Sift the flour into the dough and lightly mix with a spatula until the flour is evenly incorporated. Be careful not to overmix the dough.

3) Preparing the Melon Pan Bread Dough

In a large bowl, add half of the bread flour, all-purpose flour, instant dry yeast, and sugar. Add the beaten egg to the opposite side of the bowl from where the yeast is. Pour the milk directly on top of the yeast. (See the first picture for reference.) Mix the dough thoroughly with a spatula until it becomes smooth.

Once smooth, add in the remaining bread flour, salt, and butter. Then continue mixing the dough. When the dough is no longer powdery, transfer it to a clean work surface. Use the palms of your hands to push and knead the dough. (See the fourth picture for reference.)

This dough is quite sticky, but once the butter has fully absorbed into the dough, it will eventually become very smooth. (It can take up to 10 minutes to reach this point.)

When the dough is smooth, stretch it out to see if the gluten has developed enough. If you don’t know how to check, basically, the dough should not tear when stretched. (See the fifth picture for reference.)

Tip: Pouring the egg over the yeast will prevent it from dissolving properly into the dough, so please be sure to add the egg on the opposite side of the yeast.

Note: If you are using a stand mixer, add flour, yeast, sugar, salt, and egg directly into the bowl. Then, turn the machine onto a low speed and stream the milk in very slowly. After about 1.5 minutes of kneading, add in the butter. 2-3 minutes of kneading by machine will be enough to proceed to the next step.

4) Resting the Bread Dough

Shape the dough into a ball and place it in a bowl.

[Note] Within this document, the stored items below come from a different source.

(* Let $\boldsymbol\Phi$ be the symmetric adjacency matrix of a connected undirected graph $G=(V,\mathcal E)$ on $n$ nodes with nonnegative edge weights and no self-loops, with degree matrix $\mathbf D$ and Laplacian $\mathbf L=\mathbf D-\boldsymbol\Phi$. Consider the natural random walk on $G$, i.e. the Markov chain with transition matrix $\mathbf P=\mathbf D^{-1}\boldsymbol\Phi$. Then there exists an oriented edge-incidence matrix $\mathbf F$ of $G$ such that for every edge $(j,k)\in\mathcal E$, $$\mathbf F^\dagger_{\mathcal E(j,k)\cdot}=\sqrt{\Phi_{jk}}\,(\mathbf L^\dagger_{\cdot j}-\mathbf L^\dagger_{\cdot k})=\frac{\sqrt{\Phi_{jk}}}{2\operatorname{vol}(G)}\Big(\mathbf I_n-\frac{\mathbf 1_n\mathbf 1_n^\top}{n}\Big)(\mathbf C_{\cdot k}-\mathbf C_{\cdot j}),$$ where $\operatorname{vol}(G)=\operatorname{trace}(\mathbf D)$ and $\mathbf C\in\mathbb R^{n\times n}_{\ge0}$ is the matrix of commute times, $C_{ij}=H_{ij}+H_{ji}$, with $H_{ij}$ the expected time for the random walk started at node $i$ to reach node $j$.
   Context: An oriented edge-incidence matrix $\mathbf F\in\mathbb R^{n\times|\mathcal E|}$ has, for each edge between nodes $j$ and $k$ with column index $\mathcal E(j,k)$, exactly two nonzero entries $\mathbf F_{j,\mathcal E(j,k)}=-\mathbf F_{k,\mathcal E(j,k)}=\sqrt{\Phi_{jk}}$. $\mathbf F^\dagger$ and $\mathbf L^\dagger$ denote Moore–Penrose pseudoinverses; $\mathbf F^\dagger_{\mathcal E(j,k)\cdot}$ is the row of $\mathbf F^\dagger\in\mathbb R^{|\mathcal E|\times n}$ indexed by edge $\mathcal E(j,k)$, viewed as a vector in $\mathbb R^n$. $D_{ii}=\sum_j\Phi_{ij}$. *)

From HB Require Import structures.
From mathcomp Require Import all_boot all_order all_algebra.
From mathcomp Require Import all_classical all_reals ereal sequences.
Set Implicit Arguments. Unset Strict Implicit. Unset Printing Implicit Defensive.
Import Order.TTheory GRing.Theory Num.Theory.
Local Open Scope ring_scope.

Section Defs.
Variable R : realType.

Definition is_MP_inverse m p (A : 'M[R]_(m, p)) (X : 'M[R]_(p, m)) : Prop :=
  [/\ A *m X *m A = A, X *m A *m X = X,
      (A *m X)^T = A *m X & (X *m A)^T = X *m A].

(* The Moore--Penrose pseudoinverse (it exists and is unique over the reals). *)
Definition mppinv m p (A : 'M[R]_(m, p)) : 'M[R]_(p, m) :=
  xget 0 [set X | is_MP_inverse A X]%classic.

Variable n : nat.
Implicit Type Phi : 'M[R]_n.

Definition adjacent Phi : rel 'I_n := fun i j => 0 < Phi i j.
Definition connected_graph Phi : Prop := forall i j, connect (adjacent Phi) i j.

Cover with plastic wrap and put the dough in a warm place (at around 40°C or 104°F) for 25-35 minutes, or until the dough has doubled in size.

5) Cutting and Shaping the Bread Dough

After the bread dough has rested, dust your index finger with flour and poke the center of the dough. (See the first picture for reference.) If the hole does not spring back, the dough is ready.

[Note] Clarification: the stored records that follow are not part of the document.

Definition jac_map (x : 'rV[R]_d) : 'M[R]_(m, n) := \sum_i x 0 i *: J i.
Definition jac_adj (v : 'M[R]_(m, n)) : 'rV[R]_d := \row_i mxdot v (J i).
Definition jac_sqsum : R := \sum_i l1norm (J i) ^+ 2.

Lemma jac_adjP v x : rvdot (jac_adj v) x = mxdot v (jac_map x).
Proof.
rewrite /rvdot /jac_map mxdot_sumr; apply: eq_bigr => i _.
by rewrite mxE mxdotZr mulrC.
Qed.

Lemma jac_mapD x y : jac_map (x + y) = jac_map x + jac_map y.
Proof. by rewrite /jac_map -big_split; apply: eq_bigr => i _; rewrite mxE scalerDl. Qed.

Lemma jac_adjB v w : jac_adj v - jac_adj w = jac_adj (v - w).
Proof. by apply/matrixP => i j; rewrite !mxE mxdotBl. Qed.

Lemma jac_sqsum_ge0 : 0 <= jac_sqsum.
Proof. by apply: sumr_ge0 => i _; rewrite sqr_ge0. Qed.

Lemma jac_map_bound x : l1norm (jac_map x) ^+ 2 <= d%:R * jac_sqsum * sqnorm2 x.
Proof.
apply: (@le_trans _ _ ((\sum_i `|x 0 i| * l1norm (J i)) ^+ 2)).
  apply: sqr_le_of_norm_le; rewrite ger0_norm ?l1norm_ge0 //.
  rewrite /jac_map; apply: le_trans (l1norm_sum _ _) _.
  by apply: ler_sum => i _; rewrite l1normZ.
apply: le_trans (sqr_sum_le _) _.
rewrite -mulrA ler_wpM2l // /sqnorm2 /rvdot /jac_sqsum mulr_sumr.
apply: ler_sum => i _; rewrite exprMn real_normK ?num_real // -expr2 mulrC.
by rewrite ler_wpM2r ?sqr_ge0 // (bigD1 i) //= lerDl sumr_ge0 // => k _; rewrite sqr_ge0.
Qed.

Lemma jac_adj_bound v : sqnorm2 (jac_adj v) <= linfnorm v ^+ 2 * jac_sqsum.
Proof.
rewrite /sqnorm2 /rvdot mulr_sumr; apply: ler_sum => i _.
by rewrite mxE -expr2 -exprMn; apply/sqr_le_of_norm_le/mxdot_holder.
Qed.

End JacobianMap.

(* Fix a base point lam0 (the
   occupancy measure at theta), a linear map J (its Jacobian) and an objective
   F with L-Lipschitz gradient.  For a step delta, x |-> F (lam0 + delta J x)
   - delta/2 ||x||^2 is the primal value; every admissible point l (with
   ||l||_1 <= rho) supplies the concave upper model
   F l + <grad F l, lam0 + delta J x - l> - delta/2 ||x||^2.
   We call xs a certified maximizer when every primal value is below every
   upper model at xs; such points are within O(delta) of J^T grad F(lam0). *)
Section PerturbedSaddle.
Context {R : realType} {m n d : nat}.
Variable F : 'M[R]_(m, n) -> R.
Hypothesis dF : forall l, differentiable F l.
Variable L : R.
Hypothesis lipF : forall l l', linfnorm (gradM F l - gradM F l') <= L * l1norm (l - l').
Variables (J : 'I_d -> 'M[R]_(m, n)) (lam0 : 'M[R]_(m, n)) (rho : R).

Local Notation KJ := (d%:R * jac_sqsum J).
Local Notation g0 := (jac_adj J (gradM F lam0)).

Definition primal_val (delta : R) (x : 'rV[R]_d) : R :=
  F (lam0 + delta *: jac_map J x) - delta / 2 * sqnorm2 x.

Definition upper_model (delta : R) (x : 'rV[R]_d) (l : 'M[R]_(m, n)) : R :=
  F l + mxdot (gradM F l) (lam0 + delta *: jac_map J x - l) - delta / 2 * sqnorm2 x.

Definition certified_max (delta : R) (xs : 'rV[R]_d) : Prop :=
  forall x l, l1norm l <= rho -> primal_val delta x <= upper_model delta xs l.

Lemma KJ_ge0 : 0 <= KJ.
Proof. by rewrite mulr_ge0 ?jac_sqsum_ge0. Qed.

Lemma descent_along_jac (delta : R) l u :
  F l + delta * rvdot (jac_adj J (gradM F l)) u - `|L| * (delta ^+ 2 * (KJ * sqnorm2 u))
  <= F (l + delta *: jac_map J u).
Proof.
apply: le_trans _ (@lipschitz_grad_lb _ _ _ F dF L l (delta *: jac_map J u) lipF).
rewrite mxdotZr -jac_adjP l1normZ exprMn real_normK ?num_real //.
by rewrite lerD2l lerN2 ler_wpM2l // ler_wpM2l ?sqr_ge0 // jac_map_bound.
Qed.

Lemma jac_adj_grad_lipschitz l h :
  sqnorm2 (jac_adj J (gradM F (l + h)) - jac_adj J (gradM F l))
  <= L ^+ 2 * l1norm h ^+ 2 * jac_sqsum J.
Proof.
rewrite jac_adjB; apply: le_trans (jac_adj_bound _ _) _.
rewrite ler_wpM2r ?jac_sqsum_ge0 // -exprMn; apply: sqr_le_of_norm_le.
rewrite ger0_norm ?linfnorm_ge0 //; apply: le_trans (lipF _ _) _.
by rewrite [l + h]addrC addrK.
Qed.

(* Testing against x = g0 and l = lam0:
   ||xs - g0||^2 <= 2 |L| delta KJ ||g0||^2. *)
Lemma certified_max_near (delta : R) xs :
  0 < delta -> l1norm lam0 <= rho -> certified_max delta xs ->
  sqnorm2 (xs - g0) <= 2 * `|L| * delta * KJ * sqnorm2 g0.
Proof.
move=> d0 lam0_adm cert.
have := cert g0 lam0 lam0_adm; rewrite /primal_val /upper_model.
have := descent_along_jac delta lam0 g0.
rewrite [lam0 + _ - _]addrC addKr mxdotZr -jac_adjP (rvdotC g0 xs) => lb ub.
rewrite sqnorm2B -(ler_pM2l d0).
by move: lb ub; rewrite /sqnorm2; nra.
Qed.

(* Testing against x = J^T grad F(mu) and l = mu := lam0 + delta J xs shows
   that a certified maximizer is a fixed point of x |-> J^T grad F(lam0 + delta J x)
   once 4 |L| KJ delta <= 1. *)
Lemma certified_max_fixed_point (delta : R) xs :
  0 < delta -> 4 * `|L| * KJ * delta <= 1 ->
  l1norm (lam0 + delta *: jac_map J xs) <= rho -> certified_max delta xs ->
  xs = jac_adj J (gradM F (lam0 + delta *: jac_map J xs)).
Proof.
move=> d0 small mu_adm cert.
set mu := lam0 + delta *: jac_map J xs; set w := jac_adj J (gradM F mu).
set u := w - xs; have wE : w = xs + u by rewrite /u addrC subrK.
have ub := cert w mu mu_adm; rewrite /primal_val /upper_model -/mu mxdotBr subrr in ub.
have lb := descent_along_jac delta mu u.
have muE : mu + delta *: jac_map J u = lam0 + delta *: jac_map J w.
  by rewrite wE jac_mapD scalerDr addrA.
rewrite muE -/w in lb; rewrite wE sqnorm2D rvdotDl -/(sqnorm2 u) in ub lb.
have u0 := sqnorm2_ge0 u.
have quad : `|L| * KJ * delta * (delta * sqnorm2 u) <= 1 / 4 * (delta * sqnorm2 u).
  by rewrite ler_wpM2r ?mulr_ge0 ?(ltW d0) //; lra.
have : delta * sqnorm2 u <= 0 by nra.
rewrite pmulr_rle0 // => u_le0.
suff : u = 0 by rewrite /u => /eqP; rewrite subr_eq0 => /eqP.
by apply: sqnorm2_eq0; apply/eqP; rewrite eq_le u_le0 sqnorm2_ge0.
Qed.

Local Notation B1 := (2 * (2 * `|L| * KJ * sqnorm2 g0) + 2 * sqnorm2 g0).

Lemma certified_max_bounded (delta : R) xs :
  0 < delta <= 1 -> l1norm lam0 <= rho -> certified_max delta xs -> sqnorm2 xs <= B1.
Proof.
move=> /andP[d0 d1] lam0_adm cert.
have near_g0 := certified_max_near _ _ d0 lam0_adm cert.
have hLK : 0 <= `|L| * KJ * sqnorm2 g0 by rewrite mulr_ge0 ?sqnorm2_ge0 // mulr_ge0 ?KJ_ge0.
rewrite -[xs](subrK g0); apply: le_trans (sqnorm2D_le _ _) _.
by rewrite lerD2r ler_wpM2l //; apply: le_trans near_g0 _; nra.
Qed.

Lemma certified_max_error :
  l1norm lam0 < rho ->
  exists K eta, 0 < K /\ 0 < eta <= 1 /\ forall (delta : R) xs, 0 < delta < eta ->
    certified_max delta xs -> sqnorm2 (xs - g0) <= K * delta ^+ 2.
Proof.
move=> lam0_int; set eps := rho - l1norm lam0.
have eps0 : 0 < eps by rewrite subr_gt0.
have KJ0 := KJ_ge0; have S0 := jac_sqsum_ge0 J; have L0 := normr_ge0 L.
have B10 : 0 <= B1 by rewrite addr_ge0 ?mulr_ge0 ?sqnorm2_ge0.
have M0 : 0 <= KJ * B1 / eps ^+ 2 by rewrite !mulr_ge0 // invr_ge0 sqr_ge0.
have LK0 : 0 <= 4 * `|L| * KJ by rewrite !mulr_ge0.
set Q := 1 + 4 * `|L| * KJ + KJ * B1 / eps ^+ 2.
exists (L ^+ 2 * KJ * B1 * jac_sqsum J + 1), Q^-1.
have K0 : 0 <= L ^+ 2 * KJ * B1 * jac_sqsum J.
  by do 3 apply: mulr_ge0 => //; exact: sqr_ge0.
split; first by lra.
have Q1 : 1 <= Q by rewrite /Q; lra.
have Q0 : 0 < Q by lra.
split; first by rewrite invr_gt0 Q0 invf_le1.
move=> delta xs /andP[d0 dQ] cert.
have d1 : delta <= 1.
  by rewrite -[delta]mul1r (small_step 1 Q delta) // /Q; lra.
have dL : 4 * `|L| * KJ * delta <= 1.
  by rewrite (small_step _ Q delta) // /Q; lra.
have dM : delta * (KJ * B1) <= eps ^+ 2.
  have Mdelta := small_step (KJ * B1 / eps ^+ 2) Q delta M0 _ d0 dQ.
  have -> : delta * (KJ * B1) = KJ * B1 / eps ^+ 2 * delta * eps ^+ 2.
    by field; rewrite gt_eqF.
  by rewrite -[leRHS]mul1r ler_wpM2r ?sqr_ge0 // Mdelta // /Q; lra.
have bxs := certified_max_bounded _ _ (introT andP (conj d0 d1)) (ltW lam0_int) cert.
have hJ : (delta * l1norm (jac_map J xs)) ^+ 2 <= delta ^+ 2 * (KJ * B1).
  rewrite exprMn ler_wpM2l ?sqr_ge0 //; apply: le_trans (jac_map_bound _ _) _.
  by rewrite ler_wpM2l.
have step : delta * l1norm (jac_map J xs) <= eps.
  apply: le_of_sqr_le; rewrite ?mulr_ge0 ?l1norm_ge0 ?(ltW d0) ?(ltW eps0) //.
  have KB0 : 0 <= KJ * B1 by rewrite mulr_ge0.
  have d2 : delta ^+ 2 <= delta by rewrite expr2 ler_piMl ?(ltW d0).
  by apply: le_trans hJ _; apply: le_trans dM; rewrite ler_wpM2r.
have mu_adm : l1norm (lam0 + delta *: jac_map J xs) <= rho.
  apply: le_trans (l1normD _ _) _; rewrite l1normZ ger0_norm ?(ltW d0) //.
  by rewrite -lerBrDl.
rewrite {1}(certified_max_fixed_point _ _ d0 dL mu_adm cert).
apply: le_trans (jac_adj_grad_lipschitz _ _) _.
rewrite l1normZ ger0_norm ?(ltW d0) // mulrDl mul1r.
have : L ^+ 2 * (delta * l1norm (jac_map J xs)) ^+ 2 * jac_sqsum J <=
       L ^+ 2 * (delta ^+ 2 * (KJ * B1)) * jac_sqsum J.
  by rewrite ler_wpM2r // ler_wpM2l ?sqr_ge0.
have : 0 <= delta ^+ 2 by rewrite sqr_ge0.
by nra.
Qed.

Punch the dough to release the built-up gas that was created while it was resting. (See the second picture for reference.)

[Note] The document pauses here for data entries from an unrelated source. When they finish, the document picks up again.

(* Let $\mathcal{H}$ be a real Hilbert space, let $N\geq 1$, let $f_1,\ldots,f_N\in\Gamma_0(\mathcal{H})$, and let $\mathcal{P}\subset\Delta_N$ be a nonempty closed convex set. Define $f\colon\mathcal{H}^N\to\mathbb{R}\cup\{+\infty\}$ by $f(\mathbf{x})=\sup_{p\in\mathcal{P}}\sum_{i=1}^N p_i f_i(x_i)$ for $\mathbf{x}=(x_1,\ldots,x_N)$. Let $\mathbf{x}\in\mathcal{H}^N$ and $\lambda>0$. Then the following hold. (i) If for every $i\in\{1,\ldots,N\}$, $f_i(x)=\langle a_i,x\rangle+\xi_i$ with $a_i\in\mathcal{H}\setminus\{0\}$ and $\xi_i\in\mathbb{R}$, then the problem $\min_{p\in\mathcal{P}}\frac12 p^\top Dp-p^\top\beta$, where $D=\mathrm{diag}(\lambda\|a_1\|^2,\ldots,\lambda\|a_N\|^2)$ and $\beta=(\langle a_i,x_i\rangle+\xi_i)_{i=1}^N$, has a unique solution $\overline{p}\in\mathcal{P}$, and $P_\lambda f(\mathbf{x})=(x_i-\lambda\overline{p}_i a_i)_{i=1}^N$. (ii) If $\mathcal{P}=\Delta_N$ and for every $i\in\{1,\ldots,N\}$, $f_i(x)=\|x-\xi_i\|^2$ with $\xi_i\in\mathcal{H}$, then $P_\lambda f(\mathbf{x})=\left(\frac{x_i+2\lambda\overline{p}_i\xi_i}{2\lambda\overline{p}_i+1}\right)_{i=1}^N$, where $\overline{p}\in\Delta_N$ is any solution of $\max_{p\in\Delta_N}\ell(p):=\sum_{i=1}^N\frac{p_i}{1+2\lambda p_i}\alpha_i$ with $\alpha_i=\|x_i-\xi_i\|^2$ for every $i$.
   Context: $\Gamma_0(\mathcal{H})$ is the set of proper, lower semicontinuous, convex functions $\mathcal{H}\to\mathbb{R}\cup\{+\infty\}$. $\Delta_N=\{p\in\mathbb{R}_+^N:\sum_{i=1}^Np_i=1\}$. For $g\in\Gamma_0(\mathcal{G})$ and $\lambda>0$, the proximity operator is $P_\lambda g(x)=\operatorname{argmin}_{y}\{g(y)+\frac{1}{2\lambda}\|x-y\|^2\}$. $\mathcal{H}^N$ carries the product Hilbert structure. *)

From HB Require Import structures.
From mathcomp Require Import all_boot all_order all_algebra.
From mathcomp Require Import all_classical all_reals all_analysis.
Set Implicit Arguments. Unset Strict Implicit. Unset Printing Implicit Defensive.
Import Order.TTheory GRing.Theory Num.Theory.
Import numFieldNormedType.Exports.
Local Open Scope classical_set_scope.
Local Open Scope ring_scope.

Section Defs.
Variables (R : realType) (H : lmodType R) (ip : H -> H -> R).

Definition inner_product : Prop :=
  [/\ (forall x y, ip x y = ip y x),
      (forall (a : R) x y z, ip (a *: x + y) z = a * ip x z + ip y z)
    & (forall x, x != 0 -> 0 < ip x x)].

Definition hnorm (x : H) : R := Num.sqrt (ip x x).

Definition hcomplete : Prop :=
  forall u : nat -> H,
    (forall e : R, 0 < e -> exists M : nat, forall m n : nat,
        (M <= m)%N -> (M <= n)%N -> hnorm (u m - u n) < e) ->
    exists x : H, (fun n => hnorm (u n - x)) @ \oo --> (0 : R).

Definition hilbert : Prop := inner_product /\ hcomplete.

Definition proper_fun (f : H -> \bar R) : Prop :=
  (exists x, f x < +oo)%E /\ (forall x, f x != -oo)%E.

Definition lsc_fun (f : H -> \bar R) : Prop :=
  forall (c : R) (u : nat -> H) (x : H),
    (forall n, (f (u n) <= c%:E)%E) ->
    (fun n => hnorm (u n - x)) @ \oo --> (0 : R) ->
    (f x <= c%:E)%E.

Definition convex_fun (f : H -> \bar R) : Prop :=
  forall (x y : H) (t : R), 0 < t < 1 ->
    (f (t *: x + (1 - t) *: y)%R <= t%:E * f x + (1 - t)%:E * f y)%E.

Definition Gamma0 (f : H -> \bar R) : Prop :=
  [/\ proper_fun f, lsc_fun f & convex_fun f].

End Defs.

Definition simplex (R : realType) (N : nat) : set ('I_N -> R) :=
  [set p | (forall i, 0 <= p i) /\ \sum_(i < N) p i = 1].

Definition convex_setN (R : realType) (N : nat) (P : set ('I_N -> R)) : Prop :=
  forall (p q : 'I_N -> R) (t : R), 0 <= t <= 1 -> P p -> P q ->
    P (fun i => t * p i + (1 - t) * q i).

Definition closed_set (R : realType) (N : nat) (P : set ('I_N -> R)) : Prop :=
  forall (u : nat -> 'I_N -> R) (q : 'I_N -> R),
    (forall n, P (u n)) -> (forall i, (fun n => u n i) @ \oo --> q i) -> P q.

Definition sup_fun (R : realType) (H : lmodType R) (N : nat)
  (P : set ('I_N -> R)) (fs : 'I_N -> H -> \bar R) (x : 'I_N -> H) : \bar R :=
  ereal_sup [set (\sum_(i < N) ((p i)%:E * fs i (x i)))%E | p in P].

Definition argmin {R : realType} {T : Type} (F : T -> \bar R) : set T :=
  [set y | forall z, (F y <= F z)%E].

Definition argmin_in (R : realType) {T : Type} (A : set T) (F : T -> R) : set T :=
  [set y | A y /\ forall z, A z -> F y <= F z].

Definition argmax_in (R : realType) {T : Type} (A : set T) (F : T -> R) : set T :=
  [set y | A y /\ forall z, A z -> F z <= F y].

(** proximity operator on H^N (product Hilbert structure), as the argmin set
    of  y |-> g y + 1/(2 lam) ||x - y||^2 ;  P_lam g(x) = y0  means this set is {y0}. *)
Definition prox_set (R : realType) (H : lmodType R) (ip : H -> H -> R) (N : nat)
  (g : ('I_N -> H) -> \bar R) (lam : R) (x : 'I_N -> H) : set ('I_N -> H) :=
  argmin (fun y : 'I_N -> H =>
    (g y + ((2 * lam)^-1 * \sum_(i < N) hnorm ip (x i - y i) ^+ 2)%:E)%E).

From HB Require Import structures.
From mathcomp Require Import all_boot all_order all_algebra.
From mathcomp Require Import all_classical all_reals all_analysis.
From mathcomp Require Import ring lra.
Set Implicit Arguments. Unset Strict Implicit. Unset Printing Implicit Defensive.
Import Order.TTheory GRing.Theory Num.Theory.
Import numFieldNormedType.Exports.
Local Open Scope classical_set_scope.
Local Open Scope ring_scope.

(* Fix weights pb in P and let z minimise  y |-> sum_i pb_i f_i(y_i) + |x - y|^2/(2 lam)
   coordinatewise; this objective is (1/(2 lam))-strongly convex, so it grows
   quadratically away from z.  If moreover pb maximises p |-> sum_i p_i f_i(z_i)
   over P, then (z, pb) is a saddle point: f(y) + |x - y|^2/(2 lam) dominates the
   pb-objective, whose minimum f(z) + |x - z|^2/(2 lam) it attains at z, hence
   P_lam f(x) = z.  In both cases z is explicit in pb, and the maximisation
   condition is exactly the first-order optimality condition of pb for the
   stated problem over P: a strictly convex diagonal quadratic in (i), the
   concave function ell in (ii).  Optimal weights exist because P is compact. *)

Section InnerProduct.
Variables (R : realType) (H : lmodType R) (ip : H -> H -> R).
Hypothesis hip : inner_product ip.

Remove the dough from the bowl and place it onto a work surface. Measure the weight of the dough (it should be around 390-400g) and cut the dough with a dough scraper into 6 equal pieces (each should be 65-66g).

Knead each piece nicely and shape them into evenly round and smooth balls. (See the fourth picture for reference.)

Cover the dough with plastic wrap and let it rest for an additional 15 minutes at room temperature.

6) Kneading and Shaping the Biscuit Dough

Roll out the cookie biscuit dough and cut it into 6 pieces.

Knead it well until it becomes smooth and slightly stretchy. Shape each piece into a round circle and then flatten them with a dough scraper. (Each piece should be around 10cm wide.)

After 15 minutes of resting, roll out the bread dough again and shape it into rounds.

Place the cookie biscuit dough onto the bread dough. Repeat this process with all 6 pieces.

Dip the top of the now-formed melon pan into a bowl of granulated sugar. Hold the bottom side of the biscuit dough to spread the sugar around evenly.

Using a dough scraper or knife, score the biscuit dough surface diagonally in a 3 by 3 pattern to give the bread its melon appeal.

Note: Making the cookie biscuit dough can be a bit tricky. It is important to knead, smooth, and stretch out the biscuit dough before shaping it to avoid cracks while baking.

7) Resting the Melon Pan

Place the shaped melon pan onto a baking sheet and cover it with plastic wrap. Put the dough in a warm place (around 40°C or 104°F) for 20-25 minutes.

In the meantime, preheat the oven to 180°C (350°F).

8) Baking the Melon Pan

Bake at 180°C (350°F) for 10 minutes, then lower the temperature to 160°C (320°F) and bake for another 5 minutes until done!

Tip: You’ll know your melon pan are fully baked when the bottom of the bread turns light brown. If it remains white, bake for another 1-2 minutes.

Notes about storing melon pan: Melon pan tastes best when eaten fresh. If you can’t consume them all at once, you can freeze the leftovers in a freezer bag for 2-3 weeks. Reheat them by microwaving for 30-50 seconds or popping them into your toaster oven for a minute or two to crisp up.